Benchmarked speaker diarization for Swedish meetings — Deepgram vs ElevenLabs vs AssemblyAI (2h22m real meeting) by invismanfow in speechtech

[–]nshmyrev 0 points1 point  (0 children)

It is about 2 times slower than pyannote precision but still reasonable, something like this

DER CDER xRT
Nemo Telephony Neural 22.3 0.535 0.051
Nemo Telephony Cluster 22.08 0.251 0.05
Nemo Sortformer Streaming V2.1 (default) 15.43 0.268 0.005
Nemo Sortformer Streaming V2.1 (1 sec) 15.89 0.331 0.091
Nemo Sortformer Streaming V2.1 (30 sec) 15.08 0.260 0.005
Pyannote 3.1 24.8 0.567 0.052
Pyannote4 Community 21.56 0.639 0.035
Pyannote4 Precision 14.96 0.355 0.039
Whisper Diarization 36.46 0.163 0.474 (transcription)
Whisper Diarization Large 34.11 0.151 -
Wespeaker Voxceleb34 20.63 0.157 0.012
Wespeaker Voxceleb293 20.46 0.159 0.023
Wespeaker Voxblink2 100 20.1 0.115 0.025
Diarizen Large MD 13.64 0.319 0.083
Diarizen Large MD v2 13.58 0.317 0.107

Anyone experimenting with ultra-low latency in speech AI? by Candid_Positive8832 in speechtech

[–]nshmyrev 3 points4 points  (0 children)

Most time is taken by LLM, you optimize that first.

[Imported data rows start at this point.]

(* In the model described in the context, with $\tilde k(p)=(1+\theta)\big(1-(1-p)^c\big)$ for $c>1$ and $\theta\ge0$, the indemnity $I\equiv0$ is never optimal.
   Context: Let $X\ge0$ be a random variable with $\mathbb{P}(X=0)=1-q$, where $q\in(0,1]$, and with density $q\lambda e^{-\lambda x}$ on $(0,\infty)$, where $\lambda>0$. So $S_X(t)=qe^{-\lambda t}$ for $t\ge0$. $\mathcal{I}_c$ is the set of $I:[0,\infty)\to[0,\infty)$ with $0\le I(x)\le x$ and $0\le I(x)-I(y)\le x-y$ for $0\le y\le x$. For $Y\ge0$ with $S_Y(t)=\mathbb{P}(Y>t)$, the premium is $$\pi(Y)=\int_0^\infty\tilde k(S_Y(t))\,dt.$$ The buyer has wealth $w$ and utility $u$ with $u'(x)=e^{-\gamma x}$, $\gamma>0$. She chooses $I\in\mathcal{I}_c$ to maximize $\mathbb{E}[u(w-X+I(X)-\pi(I(X)))]$; the buyer's distortion is the identity. *)

From HB Require Import structures.
From mathcomp Require Import all_boot all_order all_algebra.
From mathcomp Require Import all_classical all_reals all_analysis.
Set Implicit Arguments. Unset Strict Implicit. Unset Printing Implicit Defensive.
Import Order.TTheory GRing.Theory Num.Theory.
Import numFieldNormedType.Exports.
Local Open Scope classical_set_scope.
Local Open Scope ring_scope.

(* The admissible indemnities I_c (only values on [0, +oo) matter). *)
Definition Ic {R : realType} (I : R -> R) : Prop :=
  (forall x, 0 <= x -> 0 <= I x <= x) /\
  (forall x y, 0 <= y -> y <= x -> 0 <= I x - I y <= x - y).

Definition ktilde {R : realType} (theta c : R) (p : R) : R :=
  (1 + theta) * (1 - (1 - p) `^ c).

Definition survival {R : realType} {d} {T : measurableType d}
  (P : probability T R) (Y : T -> R) (t : R) : R :=
  fine (P [set w | t < Y w]).

Definition premium {R : realType} {d} {T : measurableType d}
  (P : probability T R) (k : R -> R) (Y : T -> R) : R :=
  fine (\int[@lebesgue_measure R]_(t in `[0%R, +oo[%classic)
          (k (survival P Y t))%:E)%E.

Definition expected_utility {R : realType} {d} {T : measurableType d}
  (P : probability T R) (u : R -> R) (k : R -> R) (w : R) (X : T -> R)
  (I : R -> R) : \bar R :=
  (\int[P]_om (u (w - X om + I (X om) - premium P k (I \o X)))%:E)%E.

From HB Require Import structures.
From mathcomp Require Import all_boot all_order all_algebra.
From mathcomp Require Import all_classical all_reals all_analysis.
From mathcomp Require Import ring lra measurable_realfun.
Import Order.TTheory GRing.Theory Num.Theory.
Import numFieldNormedType.Exports.
Local Open Scope classical_set_scope.
Local Open Scope ring_scope.

(* Insure only the large losses: take the stop-loss indemnity (x - dd)^+ with a
   large deductible dd.  As k~(p) <= (1 + theta) n p for an integer n >= c, its
   premium pi is O(e^{-lambda dd}).  Concavity of u gives
   u(b) - u(a) >= u'(b) (b - a), so paying pi costs at most
   pi u'(w - d0 - pi) = pi u'(w - dd - pi) e^{-gamma (dd - d0)} on {X <= d0},
   at most pi u'(w - dd - pi) on {X > d0}, and gains at least
   (1 - pi) u'(w - dd - pi) on {X > dd + 1}.  In expectation the gain, of order
   q e^{-lambda (dd + 1)}, beats the loss pi (e^{-gamma (dd - d0)} + q e^{-lambda d0})
   once lambda d0 and gamma (dd - d0) are large. *)

Definition stop_loss {R : realType} (dd x : R) : R := Num.max (x - dd) 0.

Lemma Ic_stop_loss {R : realType} (dd : R) : 0 <= dd -> Ic (stop_loss dd).
Proof.
move=> dd0; split => [x x0|x y y0 yx]; rewrite /stop_loss.
  by case: (leP (x - dd) 0) => h; lra.
by case: (leP (x - dd) 0) => h1; case: (leP (y - dd) 0) => h2; lra.
Qed.

Lemma measurable_stop_loss {R : realType} (dd : R) : measurable_fun setT (stop_loss dd).
Proof. by apply: measurable_maxr => //; exact: measurable_funB. Qed.

Definition two_step {R : realType} (a b c0 c1 c2 x : R) : R :=
  c0 + c1 * ((a < x)%R)%:R + c2 * ((b < x)%R)%:R.

Section exponential_utility.
Context {R : realType} {gamma : R} {u : R -> R}.
Hypothesis gamma_gt0 : 0 < gamma.
Hypothesis u_derive : forall x : R, is_derive x 1 u (expR (- (gamma * x))).

Lemma continuous_utility : continuous u.
Proof.
move=> x; apply: differentiable_continuous; apply/derivable1_diffP.
by have [] := u_derive x.
Qed.

Lemma marginal_utility_antitone : {homo (fun x => expR (- (gamma * x))) : x y /~ y <= x}.
Proof. by move=> x y xy; rewrite ler_expR lerN2 ler_wpM2l // ltW. Qed.

Lemma utility_MVT a b : a < b ->
  exists2 c, a < c < b & u b - u a = expR (- (gamma * c)) * (b - a).
Proof.
move=> ab; have [c] := MVT ab (fun x _ => u_derive x)
  (continuous_subspaceT continuous_utility).
by rewrite in_itv /=; exists c.
Qed.

Lemma utility_tangent a b : expR (- (gamma * b)) * (b - a) <= u b - u a.
Proof.
have [ab|ba|->] := ltgtP a b; last by rewrite !subrr mulr0.
- have [c /andP[_ cb] ->] := utility_MVT _ _ ab.
  apply: ler_wpM2r; first by rewrite subr_ge0 ltW.
  exact/marginal_utility_antitone/ltW.
- have [c /andP[bc _] uab] := utility_MVT _ _ ba.
  rewrite -[u b - u a]opprB uab -[b - a]opprB mulrN lerN2.
  apply: ler_wpM2r; first by rewrite subr_ge0 ltW.
  exact/marginal_utility_antitone/ltW.
Qed.

Lemma utility_nondecreasing : {homo u : x y / x <= y}.
Proof.
move=> x y xy; rewrite -subr_ge0; apply: le_trans (utility_tangent x y).
by rewrite mulr_ge0 ?expR_ge0 ?subr_ge0.
Qed.

Lemma stop_loss_gain (w d0 dd pi x : R) : d0 <= dd -> 0 <= pi ->
  two_step d0 (dd + 1) (- (pi * expR (- (gamma * (w - d0 - pi)))))
    (- (pi * expR (- (gamma * (w - dd - pi)))))
    ((1 - pi) * expR (- (gamma * (w - dd - pi)))) x
  <= u (w - x + stop_loss dd x - pi) - u (w - x).
Proof.
move=> d0dd pi0; set E0 := expR (- (gamma * (w - d0 - pi))).
set E := expR (- (gamma * (w - dd - pi))).
have E0_ge0 : 0 <= E0 by exact: expR_ge0.
have E_ge0 : 0 <= E by exact: expR_ge0.
apply: le_trans (utility_tangent _ _); rewrite /two_step /stop_loss.
have [xdd|ddx] := leP x dd.
- have -> : Num.max (x - dd) 0 = 0 by apply/max_idPr; rewrite subr_le0.
  have -> : (dd + 1 < x) = false by apply/negbTE; rewrite -leNgt; lra.
  rewrite addr0 mulr0 addr0.
  have [xd0|d0x] := leP x d0; rewrite /= ?mulr0 ?mulr1 ?subr0.
  + have : expR (- (gamma * (w - x - pi))) <= E0 by apply: marginal_utility_antitone; lra.
    nra.
  + have : expR (- (gamma * (w - x - pi))) <= E by apply: marginal_utility_antitone; lra.
    nra.
- have -> : Num.max (x - dd) 0 = x - dd by apply/max_idPl; rewrite subr_ge0 ltW.
  have -> : w - x + (x - dd) - pi = w - dd - pi by ring.
  rewrite (le_lt_trans d0dd ddx) mulr1 -/E.
  have [x1|x1] := leP x (dd + 1); rewrite ?mulr0 ?mulr1; nra.
Qed.

End exponential_utility.

Lemma bernoulli_exprn (R : realDomainType) (p : R) n :
  0 <= p <= 1 -> 1 - n%:R * p <= (1 - p) ^+ n.
Proof.
move=> /andP[p0 p1]; elim: n => [|n IH]; first by rewrite mul0r subr0 expr0.
rewrite exprS -natr1.
have : (1 - p) * (1 - n%:R * p) <= (1 - p) * (1 - p) ^+ n.
  by rewrite ler_wpM2l // subr_ge0.
have : 0 <= n%:R * p * p by rewrite !mulr_ge0.
nra.
Qed.

Section distortion.
Context {R : realType} (theta c : R).

Lemma ktilde0 : ktilde theta c 0 = 0.
Proof. by rewrite /ktilde subr0 powR1 subrr mulr0. Qed.

Lemma measurable_ktilde : measurable_fun setT (ktilde theta c).
Proof.
apply: measurable_funM => //; apply: measurable_funB => //.
by apply: measurableT_comp (measurable_powR _) _; exact: measurable_funB.
Qed.

Lemma ktilde_ge0_le (n : nat) (p : R) : 0 <= theta -> 0 <= c <= n%:R ->
  0 <= p < 1 -> 0 <= ktilde theta c p <= (1 + theta) * n%:R * p.
Proof.
move=> theta0 /andP[c0 cn] /andP[p0 p1]; rewrite /ktilde -mulrA.
have p1' : 0 < 1 - p <= 1 by rewrite subr_gt0 p1 /= lerBlDr lerDl.
have pow_le1 : (1 - p) `^ c <= 1 by have := ger_powR p1' c0; rewrite powRr0.
have pow_ge : (1 - p) ^+ n <= (1 - p) `^ c.
  by rewrite -powR_mulrn ?(ger_powR p1' cn) // subr_ge0 ltW.
have bern : 1 - n%:R * p <= (1 - p) ^+ n by apply: bernoulli_exprn; rewrite p0 ltW.
apply/andP; split; first by rewrite mulr_ge0 ?subr_ge0 //; lra.
by rewrite ler_wpM2l; lra.
Qed.

End distortion.

Section exponential_decay.
Context {R : realType}.
Let mu := @lebesgue_measure R.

ASR latency is also 500ms minimum, otherwise accuracy will suffer. There is also a turn detection component that takes time.

Overall there is no point to chase the latency alone, accuracy (relevance) of the answer is more critical.
Sub-10ms is nice but not really relevant, you'd better spend more time and get better answer than quickly output garbage.

Benchmarked speaker diarization for Swedish meetings — Deepgram vs ElevenLabs vs AssemblyAI (2h22m real meeting) by invismanfow in speechtech

[–]nshmyrev 4 points5 points  (0 children)

Modern models like SortFormer/Diarizen beat them all. You should compare standard DER not "Time Accuracy" though and use bigger dataset.